If you are new to writing and need some experience in AP Style English.

I’ve yet to meet a business owner who will hire a beginner writer without some kind of a background. And many of the better-paying jobs require a bachelor’s degree or an impressive amount of experience.

Content mills can help you get that experience for both client interaction and fine-tuning how you write.

If you need to get started right away.

In many cases, it’s easier to get started with content mills as opposed to trying to land your own private clients. It could be weeks or months before hearing back from a company.

Personally, I think you should look for private clients while writing on content mills. That way, you’re still bringing in a bit of money while waiting for a response.

For those who just want to make a few bucks on the side.

I started writing because my paltry paycheck wasn’t covering all the bills. If you have a spare hour throughout the day, why not write to bring in a bit of money?

Even though I turned it into a career, I know a lot of writers who just like to make a

few dollars to play with over the weekend.
How much would you like to make each week?x

For those who thoroughly enjoy writing.

As I said before, not everyone is cut out to be a writer. I am able to hammer out thousands of words per day, every day, because it’s in my blood. Quite literally, actually.

If you don’t really enjoy what you do, you’re not going to be as good at it as you’d hope. This is true no matter what profession you go into. That’s because your mentality will affect how you view the job.

To build confidence in yourself as a professional.

All my life, I’ve struggled with having full confidence in myself. Writing for content mills and then on to private clients made a huge impact on how I view myself as a professional.

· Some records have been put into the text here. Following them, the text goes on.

Lemma RetSG_GX_iso : SG_iso (RetSG (GX B)) P.
Proof.
  exists ret_GX_perm. split; [|split].
  - apply bij_of_inj_surj.
    + intros c c' H. rewrite <- (into_pre RG c), <- (into_pre RG c').
      apply (class_eq RG), ret_rel_GX. intro y. exact (f_equal (fun u => perm_fun u y) H).
    + intro g. exists (into RG (pre (Lmap B) g)). apply (perm_ext B). intro y.
      unfold ret_GX_perm. rewrite perm_fun_into, Lmap_pre_class. unfold perm_fun.
      rewrite pre_spec. reflexivity.
  - intros a b. apply (perm_ext B). intro y. rewrite (perm_fun_mul B HB).
    unfold ret_GX_perm. rewrite !perm_fun_into.
    change (smul (RetSG (GX B)) a b) with (into RG (Gmul B (pre RG a) (pre RG b))).
    rewrite Lmap_pre_class, (Lmap_mul B HB). reflexivity.
  - intros a b. rewrite (surjective_pairing (ssig P _ _)).
    f_equal; apply (perm_ext B); intro y; unfold ret_GX_perm at 3; rewrite perm_fun_into.
    + change (fst (ssig (RetSG (GX B)) a b)) with (into RG (fst (rG B (pre RG a) (pre RG b)))).
      rewrite (perm_fun_lact B HB), Lmap_pre_class, (rG_eq B HB). unfold sigmaG. simpl.
      rewrite (Lmap_cl B HB).
      apply (Lword_wlact B HB); intro; rewrite <- (perm_fun_word B HB); reflexivity.
    + change (snd (ssig (RetSG (GX B)) a b)) with (into RG (snd (rG B (pre RG a) (pre RG b)))).
      rewrite (perm_fun_ract B HB), Lmap_pre_class, (rG_eq B HB). unfold sigmaG. simpl.
      rewrite (Lmap_cl B HB).
      apply (Lword_wract_ext B HB); intro; rewrite <- (perm_fun_word B HB); reflexivity.
Qed.

(* The generators have abelian coordinate sum 1, the identity 0. *)
Lemma GX_not_singleton : ~ singleton (Gcar B).
Proof.
  intros [a Ha]. destruct (ls_inhabited B HB) as [x].
  assert (E : Gone B = Giota B x) by (rewrite (Ha (Gone B)), (Ha (Giota B x)); reflexivity).
  apply cl_inj, (abrel_to_ab B HB), (abrel_wsum B (fun _ => 1%Z)) in E. simpl in E. lia.
Qed.

End RetractionIsomorphisms.

(** * Symmetric sets *)

Section SymmetricSet.
Variable B : BSet.
Hypothesis HB : is_symset B.
Notation L := (lact B).
Notation Li := (Linv B).

Lemma symset_ract_eq x y : ract B x y = Li (L x y) x.
Proof.
  destruct HB as (_ & _ & Hl & _ & Hinv & _). apply (bij_inj _ (Hl (L x y))).
  rewrite (lact_Linv_of_bij B _ (Hl _)). exact (f_equal fst (Hinv x y)).
Qed.

(* The first components of the braid relation r12 r23 r12 = r23 r12 r23 at (x, y, z). *)
Lemma symset_braid x y z : L x (L y z) = L (L x y) (L (ract B x y) z).
Proof.
  destruct HB as (_ & _ & _ & _ & _ & Hbr). specialize (Hbr (x, y, z)).
  unfold r12, r23 in Hbr. unfold lact, ract.
  destruct (br B x y) as [a b]. simpl.
  destruct (br B b z) as [c d]. destruct (br B a c) as [e f] eqn:E3.
  destruct (br B y z) as [c' d']. destruct (br B x c') as [e' f'] eqn:E5.
  destruct (br B f' d') as [g h].
  injection Hbr. intros _ _ He. simpl. rewrite E5, E3. symmetry. exact He.
Qed.

Lemma symset_ract_diag u : ract B u (Li u u) = Li u u.
Proof.
  destruct HB as (_ & _ & Hl & _). rewrite symset_ract_eq, (lact_Linv_of_bij B _ (Hl u)).
  reflexivity.
Qed.

(* The fixed point t of x |-> x^z satisfies Li t t = z: r(t, z) = (L_t z, z), and by
   involutivity L_t z is a fixed point of x |-> x^z too. *)
Lemma symset_diag_surj z : exists t, Li t t = z.
Proof.
  destruct HB as (_ & _ & Hl & Hr & Hinv & _). destruct (Hr z) as [g [_ Hg]].
  set (t := g z). assert (Ht : ract B t z = z) by apply Hg.
  assert (Hw : ract B (L t z) z = z).
  { pose proof (f_equal snd (Hinv t z)) as E. change (ract B (L t z) (ract B t z) = z) in E.
    rewrite Ht in E. exact E. }
  exists t. apply (bij_inj _ (Hl t)). rewrite (lact_Linv_of_bij B _ (Hl t)).
  symmetry. apply (bij_inj _ (Hr z)). simpl. rewrite Hw, Ht. reflexivity.
Qed.

Lemma symset_diag_inj t t' : Li t t = Li t' t' -> t = t'.
Proof.
  destruct HB as (_ & _ & _ & Hr & _). intro H. apply (bij_inj _ (Hr (Li t t))). simpl.
  rewrite symset_ract_diag. rewrite H at 1 2. rewrite symset_ract_diag. reflexivity.
Qed.

Lemma left_symset_of_symset : left_symset B.
Proof.
  destruct HB as (Hinh & _ & Hl & _). split; [exact Hinh | exact Hl | exact symset_ract_eq
    | exact symset_braid | exact symset_diag_surj | exact symset_diag_inj].
Qed.

End SymmetricSet.

Lemma left_symset_iterB B : left_symset B -> forall j, left_symset (iterB j B).
Proof. intros HB j. induction j as [|j IH]; [exact HB | exact (left_symset_RetB _ IH)]. Qed.

Lemma iterSG_PermG_iso B : left_symset B ->
  forall k, SG_iso (iterSG k (PermG B)) (PermG (iterB k B)).
Proof.
  intros HB k. induction k as [|k IH]; [apply SG_iso_refl|].
  pose proof (left_symset_iterB B HB k) as Hk.
  exact (SG_iso_trans _ _ _ (RetSG_iso _ _ IH (ret_compatible_PermG _ Hk))
           (RetSG_PermG_iso _ Hk)).
Qed.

And it wasn’t just in my writing, either. I find I am far more confident today with life in general. Once you view yourself in a positive light, all kinds of good things start to present themselves.

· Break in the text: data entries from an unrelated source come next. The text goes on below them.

Lemma zeta1_formula_cases :
  [/\ delta <= lam -> zeta1_formula = 0,
      lam <= delta -> delta <= (1 + lam) / 2 ->
        zeta1_formula = lam * (delta - lam) / (1 - lam)
    & (1 + lam) / 2 <= delta ->
        zeta1_formula = (delta * (2 - lam) - 1) / (1 - lam)].
Proof.
rewrite /zeta1_formula; set u := lam * _ / _; set v := (_ - 1) / _.
have lam1_ge0 := ltW lam1_gt0; split.
- move=> d_le; apply/max_idPl; rewrite ge_max !ler_pdivrMr // !mul0r.
  have d_le1 := ler_wpM2l lam_ge0 d_le; have d_le2 := ler_wpM2r lam2_ge0 d_le.
  have lam1_sq := sqr_ge0 (1 - lam).
  by apply/andP; split; nra.
- move=> d_ge d_le; have d_le' : 2 * delta <= 1 + lam by lra.
  have d_le2 := ler_wpM2l lam1_ge0 d_le'.
  have v_le_u : v <= u by rewrite ler_pM2r ?invr_gt0 //; nra.
  by rewrite (max_idPl v_le_u); apply/max_idPr; rewrite divr_ge0 // mulr_ge0 // subr_ge0.
- move=> d_ge; have d_ge' : 1 + lam <= 2 * delta by lra.
  have d_ge1 := ler_wpM2l lam1_ge0 d_ge'; have d_ge2 := ler_wpM2r lam2_ge0 d_ge'.
  have lam_lam1 : 0 <= lam * (1 - lam) by rewrite mulr_ge0.
  have u_le_v : u <= v by rewrite ler_pM2r ?invr_gt0 //; nra.
  by rewrite (max_idPr u_le_v); apply/max_idPr; apply: divr_ge0 => //; nra.
Qed.

Lemma zeta1_formula_lp_attained :
  0 <= delta -> delta <= 1 ->
  exists a b c : R, [/\ 0 <= a, 0 <= b, 0 <= c & a + 2 * b + c = 1] /\
    delta <= a + (1 + lam) * b + lam * c /\ a + lam * b = zeta1_formula.
Proof.
move=> d_ge0 d_le1; have [z_low z_mid z_high] := zeta1_formula_cases.
have [d_le|lam_lt] := lerP delta lam.
  by exists 0, 0, 1; rewrite z_low //; do !split => //; lra.
set t := (delta - lam) / (1 - lam).
have tE : t * (1 - lam) = delta - lam by rewrite divfK.
have t_ge0 : 0 <= t by rewrite divr_ge0 ?subr_ge0 ?ltW.
have t_le1 : t <= 1 by rewrite ler_pdivrMr // mul1r lerD2r.
have [d_le|d_gt] := lerP delta ((1 + lam) / 2).
  have t_le_half : 2 * t <= 1 by rewrite mulrC -ler_pdivlMr // ler_pdivrMr //; lra.
  exists 0, t, (1 - 2 * t); rewrite (z_mid (ltW lam_lt) d_le) -mulrA -/t.
  by do !split; lra.
have t_ge_half : 1 <= 2 * t by rewrite mulrC -ler_pdivrMr // ler_pdivlMr //; lra.
exists (2 * t - 1), (1 - t), 0; rewrite (z_high (ltW d_gt)).
do !split; try lra.
apply: (mulIf lam1_neq0); rewrite divfK //.
have -> : (2 * t - 1 + lam * (1 - t)) * (1 - lam) = t * (1 - lam) * (2 - lam) - (1 - lam) ^+ 2.
  by ring.
by rewrite tE; ring.
Qed.

End LinearProgram.

Section Zeta1.
Variables (R : realType) (D : nat) (psi : 'cV[R[i]]_D) (lam delta : R).
Hypotheses (psi_unit : unit_vec psi) (lam_ge0 : 0 <= lam) (lam_lt1 : lam < 1).

Let P_orthoproj : orthoproj (proj psi). Proof. exact: orthoproj_proj. Qed.
Let PQ1 : proj psi + (1%:M - proj psi) = 1%:M. Proof. by rewrite addrC subrK. Qed.

Lemma f_rho_ge_zeta1_formula rho :
  feasible1 lam delta psi rho -> (zeta1_formula lam delta)%:C <= f_rho lam psi rho.
Proof.
move=> [rho_dens [rho_inv]].
have [a [b [c [abc [pE fE]]]]] :=
  perm_invariant_state_weights P_orthoproj PQ1 lam rho_dens rho_inv.
rewrite /p_rho /f_rho /Omega pE fE !lecR.
exact: zeta1_formula_le.
Qed.

Lemma zeta1_formula_state_attained :
  (2 <= D)%N -> 0 <= delta -> delta <= 1 ->
  exists rho, feasible1 lam delta psi rho /\ f_rho lam psi rho = (zeta1_formula lam delta)%:C.
Proof.
move=> D_ge2 d_ge0 d_le1.
have [a [b [c [abc [p_ge f_eq]]]]] := zeta1_formula_lp_attained lam_ge0 lam_lt1 d_ge0 d_le1.
have trQ : \tr (1%:M - proj psi) = (D%:R - 1 : R)%:C.
  by rewrite linearB /= mxtrace1 mxtrace_proj // rmorphB rmorph1 rmorph_nat.
have d_gt0 : 0 < D%:R - 1 :> R by rewrite subr_gt0 ltr1n.
have [rho [rho_dens rho_inv pE fE]] :=
  perm_invariant_state_of_weights P_orthoproj PQ1 lam (mxtrace_proj psi_unit) trQ d_gt0 abc.
exists rho; rewrite /feasible1 /p_rho /f_rho /Omega pE fE lecR f_eq.
by split=> //; split=> //; split.
Qed.

End Zeta1.

Theorem proposition2 (R : realType) (D : nat) (psi : 'cV[R[i]]_D) (lam delta : R) :
  (2 <= D)%N -> unit_vec psi ->
  0 <= lam -> lam < 1 -> 0 <= delta -> delta <= 1 ->
  let z := Num.max 0 (Num.max (lam * (delta - lam) / (1 - lam))
                              ((delta * (2 - lam) - 1) / (1 - lam))) in
  zeta1_is lam delta psi z /\
  (delta <= lam -> z = 0) /\
  (lam <= delta -> delta <= (1 + lam) / 2 -> z = lam * (delta - lam) / (1 - lam)) /\
  ((1 + lam) / 2 <= delta -> z = (delta * (2 - lam) - 1) / (1 - lam)).
Proof.
move=> D_ge2 psi_unit lam_ge0 lam_lt1 delta_ge0 delta_le1 z.
have [z_low z_mid z_high] := zeta1_formula_cases delta lam_ge0 lam_lt1.
split; last by split; [exact: z_low | split; [exact: z_mid | exact: z_high]].
split; first exact: zeta1_formula_state_attained.
exact: f_rho_ge_zeta1_formula.
Qed.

Writing for Content Mills is Bad…

In that you don’t make as much money.

It’s true that you won’t make as much writing for a content mill as you would with a private client. However, some of the jobs are easier, and you can go through many jobs relatively quick.

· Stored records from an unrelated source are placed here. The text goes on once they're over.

(* Suppose that for every integer $\ell \ge 4$, $\pi(K^3_\ell) = 1-\left(\frac{2}{\ell-1}\right)^2$ (Turán's conjecture). Then the stability number of $K_4^3$ is infinite, i.e. $\xi(K_4^3)=\infty$.
   Context: $K^3_\ell$ is the complete $3$-graph on $\ell$ vertices. For a family $\mathcal{F}$ of $r$-graphs ($r$-uniform hypergraphs), $\mathcal{F}$-free means containing no member of $\mathcal{F}$ as a subgraph, $\mathrm{ex}(n,\mathcal{F})$ is the maximum number of edges of an $\mathcal{F}$-free $r$-graph on $n$ vertices, and $\pi(\mathcal{F})=\lim_{n\to\infty}\mathrm{ex}(n,\mathcal{F})/\binom{n}{r}$. $t$-stable: for integers $r\ge2$, $t\ge1$, a family $\mathcal{F}$ of $r$-graphs is $t$-stable if there exist $m_0$ and, for every $m\ge m_0$, $r$-graphs $\mathcal{H}^1_m,\dots,\mathcal{H}^t_m$ on $m$ vertices such that: for every $\delta>0$ there exist $\epsilon>0$ and $n_0$ such that for all $n\ge n_0$, every $\mathcal{F}$-free $r$-graph $\mathcal{H}$ on $n$ vertices with $|\mathcal{H}|>(1-\epsilon)\mathrm{ex}(n,\mathcal{F})$ can be transformed into (an isomorphic copy of) some $\mathcal{H}^i_n$ by adding and removing at most $\delta|\mathcal{H}|$ edges. The stability number $\xi(\mathcal{F})$ is the minimum $t$ such that $\mathcal{F}$ is $t$-stable, and $\xi(\mathcal{F})=\infty$ if no such $t$ exists. *)

From mathcomp Require Import all_boot all_fingroup.
From Stdlib Require Import Reals.
Set Implicit Arguments. Unset Strict Implicit. Unset Printing Implicit Defensive.

Definition hgraph (n : nat) := {set {set 'I_n}}.

Definition uniform (r n : nat) (H : hgraph n) : bool :=
  [forall e in H, #|e| == r].

Definition contains (m n : nat) (F : hgraph m) (H : hgraph n) : bool :=
  [exists f : {ffun 'I_m -> 'I_n},
     injectiveb f && [forall e in F, (f @: e) \in H]].

Definition free (m n : nat) (F : hgraph m) (H : hgraph n) : bool :=
  ~~ contains F H.

Definition ex (r m : nat) (F : hgraph m) (n : nat) : nat :=
  \max_(H : hgraph n | uniform r H && free F H) #|H|.

Definition complete (r l : nat) : hgraph l := [set e : {set 'I_l} | #|e| == r].

Definition relabel (n : nat) (s : {perm 'I_n}) (G : hgraph n) : hgraph n :=
  [set [set s x | x in e] | e : {set 'I_n} in G].

Definition edit_dist (n : nat) (H G : hgraph n) : nat :=
  #|(H :\: G) :|: (G :\: H)|.

Definition t_stable (r m : nat) (F : hgraph m) (t : nat) : Prop :=
  exists (m0 : nat) (Hs : forall k : nat, 'I_t -> hgraph k),
    (forall k i, (m0 <= k)%N -> uniform r (Hs k i)) /\
    forall delta : R, (delta > 0)%R ->
      exists (eps : R) (n0 : nat), (eps > 0)%R /\
        forall n : nat, (n0 <= n)%N -> (m0 <= n)%N ->
          forall H : hgraph n, uniform r H -> free F H ->
            (INR #|H| > (1 - eps) * INR (ex r F n))%R ->
            exists (i : 'I_t) (s : {perm 'I_n}),
              (INR (edit_dist H (relabel s (Hs n i))) <= delta * INR #|H|)%R.

Definition stability_number_infinite (r m : nat) (F : hgraph m) : Prop :=
  forall t : nat, (1 <= t)%N -> ~ t_stable r F t.

Definition turan_density_is (r m : nat) (F : hgraph m) (c : R) : Prop :=
  Un_cv (fun n => (INR (ex r F n) / INR 'C(n, r))%R) c.

From mathcomp Require Import all_boot all_fingroup zify ring.
From Stdlib Require Import Reals Lra.
(* Reals rebinds [_ ^ _] on nat and the [ring] tactic; restore ssrnat's and MathComp's. *)
Import ssrnat ring.
Set Implicit Arguments. Unset Strict Implicit. Unset Printing Implicit Defensive.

This means you can pull in quite a bit if you focus on the content and write as much as humanly possible.

But, in general, you’ll make far more money writing for private clients than you will a content mill. It’s getting those clients that can pay you enough to sustain yourself that is the daunting part.

Because you have to closely monitor your own finances.

Unlike a traditional job, you need to set aside funds for sick days, vacations, retirement, health insurance, taxes, and everything else an employer usually tracks.

This means you have to be incredibly focused on what you make and how to save for vastly important financial needs. Focusing on your financial responsibilities is imperative as a freelancer of any kind.

For those who are on the fence about writing.

I’ve seen a lot of “writers” give up quickly as they simply could not hack it as a freelancer. If you’re not fully committed to writing, you’re not going to have the best experience.

It’s OK to test the waters. But just because you can’t make it work doesn’t mean someone else can’t as well. I’m proof of what you can accomplish with dedication and motivation to succeed.

If you’re looking to get rich quick.

For me to become the success I am today, it took a very long time. I spent the first year and a half working up from a 3-Star writer in Textbroker. My average weekly payouts ranged around $25 to $50.

By the time I was able to bring in $300 to $500 per week, I had built up my skill, learned a lot of AP Style writing, and focused on client experience. It’s not something that most people will do overnight.

If you don’t diversify yourself.

Start by writing content you know best, but don’t be afraid to branch out and try new topics. The more flexible you are in content mills, the better.

And don’t just stick to one platform. Textbroker is great, but in the beginning, I was using several mills simultaneously and writing on whichever platform had work at that moment.

If you can’t diversify yourself and quickly adapt to various niches and topics, you won’t make as much in a content mill.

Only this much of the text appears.